Sarà solo una piccola goccia d’acqua,
ma se non lo fai tu, non ci sarà
nessuno a portarla
(Madre Teresa da Calcutta)

ACAT Italia è una associazione nata il 13 aprile 1987

Organi di ACAT Italia:
L’Assemblea, che si riunisce ordinariamente ogni 2 anni, approva il bilancio ed elegge gli organi associativi, il Presidente, il Comitato Organizzatore composto dal Presidente, dal Tesoriere e da 5 consiglieri

Organigramma:
Presidente:   Massimo Corti
Tesoriere:     Emanuela Ciaralli
Cosiglieri:   Maria Elisa Tittoni – Luciana Settanni – Carlo Alberto Cucciardi – Maria Vittoria (Mariella) Zaffino – su nomina dell’assemblea di Acat Giovanna Melis da aprile del 2014

ACAT Italia è una associazione cristiana ecumenica che agisce contro la tortura e la pena di morte, impegnandosi al fianco di tutti coloro che hanno gli stessi obiettivi e promuovono i Diritti Umani nel mondo.

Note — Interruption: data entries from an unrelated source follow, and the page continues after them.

Section CyclicDifferences.
Variables (R : comNzRingType) (m : nat).
Hypothesis m_gt0 : (0 < m)%N.
Local Notation n := (m + m)%N.

(* Each unordered pair of distinct indices mod 2m occurs exactly once, as (k, k + i) with
   0 < i < m or as (k, k + m) with k < m: this is a Vandermonde product up to sign. *)
Definition cyclic_disc_root (r : nat -> R) :=
  (\prod_(0 <= k < n) \prod_(1 <= i < m) (r k - r (k + i)%N)) *
  \prod_(0 <= k < m) (r k - r (k + m)%N).

Lemma eq_cyclic_disc_root (r1 r2 : nat -> R) :
  r1 =1 r2 -> cyclic_disc_root r1 = cyclic_disc_root r2.
Proof.
move=> eq_r; rewrite /cyclic_disc_root; congr (_ * _).
  by apply: eq_bigr => k _; apply: eq_bigr => i _; rewrite !eq_r.
by apply: eq_bigr => k _; rewrite !eq_r.
Qed.

Variable r : nat -> R.
Hypothesis r_per : forall k, r (k + n)%N = r k.
Local Notation C i := (\prod_(0 <= k < n) (r k - r (k + i)%N)).

Lemma prod_diff_sym i : (i <= n)%N -> C (n - i) = C i.
Proof.
move=> le_in.
rewrite -(big_nat_shift_periodic _ i) => [|k]; last by rewrite addnAC !r_per.
under eq_bigr do rewrite -addnA subnKC // r_per -opprB -mulN1r.
by rewrite big_split /= prodr_const_nat subn0 exprD -expr2 sqrr_sign mul1r.
Qed.

Lemma prod_diff_half : C m = (-1) ^+ m * (\prod_(0 <= k < m) (r k - r (k + m)%N)) ^+ 2.
Proof.
rewrite (big_cat_nat _ (n := m)) ?leq_addr //= -{3}(add0n m) big_addn addnK.
under [X in _ * X]eq_bigr do rewrite -addnA r_per -opprB -mulN1r.
by rewrite big_split prodr_const_nat subn0 mulrCA expr2.
Qed.

Lemma prod_diff_tail :
  \prod_(m.+1 <= i < n) C i = \prod_(1 <= i < m) C i.
Proof.
rewrite -add1n big_addn addnK big_nat_rev /=.
apply: eq_big_nat => i /andP[i_gt0 lt_im].
have -> : (1 + m - i.+1 + m = n - i)%N by lia.
by rewrite prod_diff_sym //; lia.
Qed.

Lemma prod_cyclic_diffs :
  \prod_(0 <= k < n) \prod_(1 <= i < n) (r k - r (k + i)%N) =
  (-1) ^+ m * cyclic_disc_root r ^+ 2.
Proof.
rewrite exchange_big_nat (big_cat_nat _ (n := m)) ?leq_addr //.
rewrite [\prod_(m <= i < n) _]big_ltn; last by lia.
rewrite prod_diff_tail prod_diff_half.
rewrite /cyclic_disc_root [in RHS]exchange_big_nat /=; ring.
Qed.

Lemma cyclic_disc_root_shift :
  cyclic_disc_root (fun k => r k.+1) = - cyclic_disc_root r.
Proof.
rewrite /cyclic_disc_root -mulrN; congr (_ * _).
  pose g k := \prod_(1 <= i < m) (r k - r (k + i)%N).
  transitivity (\prod_(0 <= k < n) g (k + 1)%N).
    by apply: eq_bigr => k _; apply: eq_bigr => i _; rewrite addn1 addSn.
  by apply: big_nat_shift_periodic => k; apply: eq_bigr => i _; rewrite addnAC !r_per.
case: m m_gt0 r_per => // m' _ r_per'.
rewrite big_nat_recr // [in RHS]big_nat_recl //= mulrC -mulNr opprB.
congr (_ * _).
by rewrite add0n -addSn -[(m'.+1 + _)%N]add0n r_per'.
Qed.

End CyclicDifferences.

Lemma rmorph_cyclic_disc_root (R S : comNzRingType) (g : {rmorphism R -> S}) m r :
  g (cyclic_disc_root m r) = cyclic_disc_root m (g \o r).
Proof.
rewrite /cyclic_disc_root rmorphM !rmorph_prod; congr (_ * _).
  by apply: eq_bigr => k _; rewrite rmorph_prod; apply: eq_bigr => i _; rewrite rmorphB.
by apply: eq_bigr => k _; rewrite rmorphB.
Qed.

Lemma horner_deriv_XsubC_mul (R : comNzRingType) (c : R) (g : {poly R}) :
  (('X - c%:P) * g)^`().[c] = g.[c].
Proof. by rewrite derivM derivXsubC mul1r !hornerE subrr mul0r addr0. Qed.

Alla base dell’azione di ACAT c’è l’Articolo 5 della Dichiarazione Universale dei Diritti dell’Uomo del 1948: Nessuno sarà sottoposto a tortura, né a pene o trattamenti crudeli, inumani o degradanti”; altro pilastro della nostra azione è il convincimento cristiano della dignità di ogni uomo “… creato a somiglianza di Dio”.
ACAT è indipendente dalle strutture internazionali delle Chiese e da tutti i gruppi economici ideologici e politici.
ACAT agisce tramite l’invio di lettere/appelli/petizioni alle autorità dei paesi dove si praticano tortura, trattamenti inumani e degradanti, sparizioni forzate, ingiusta detenzione.
Tra gli obiettivi principali vi è l’azione di sensibilizzazione dell’opinione pubblica. Secondo un antico proverbio orientale: “Se vuoi vivere bene tutta la vita, coltiva uomini”.

Il prof. Paolo Ricca della Tavola Valdese Italiana, parlando a Parigi nel 2004 al trentennale della fondazione dell’ACAT, ha dato una bellissima definizione dello spirito dell’associazione: “…. noi di ACAT siamo un’Azione, non siamo un Discorso. Abbiamo agito. Un atto era richiesto, non pensieri o parole. Abbiamo fatto la stessa esperienza dei primi discepoli di Gesù, ai quali il Maestro un bel giorno ha detto: ”Seguimi!” e noi l’abbiamo seguito. Non abbiamo potuto fare altrimenti. L’ACAT è nata così, da una decisione improvvisa, da un atto subitaneo di obbedienza. Niente è stato preparato, niente è stato programmato, tutto abbiamo dovuto imparare. E a poco a poco abbiamo imparato, e stiamo ancora imparando.

 ACAT agisce e prega, anche quando sembra impossibile che le cose cambino. ACAT non si scoraggia né si demoralizza. La frase di Madre Teresa di Calcutta citata nella testata della pagina ci conforta e ci fa da sprone, ogni giorno.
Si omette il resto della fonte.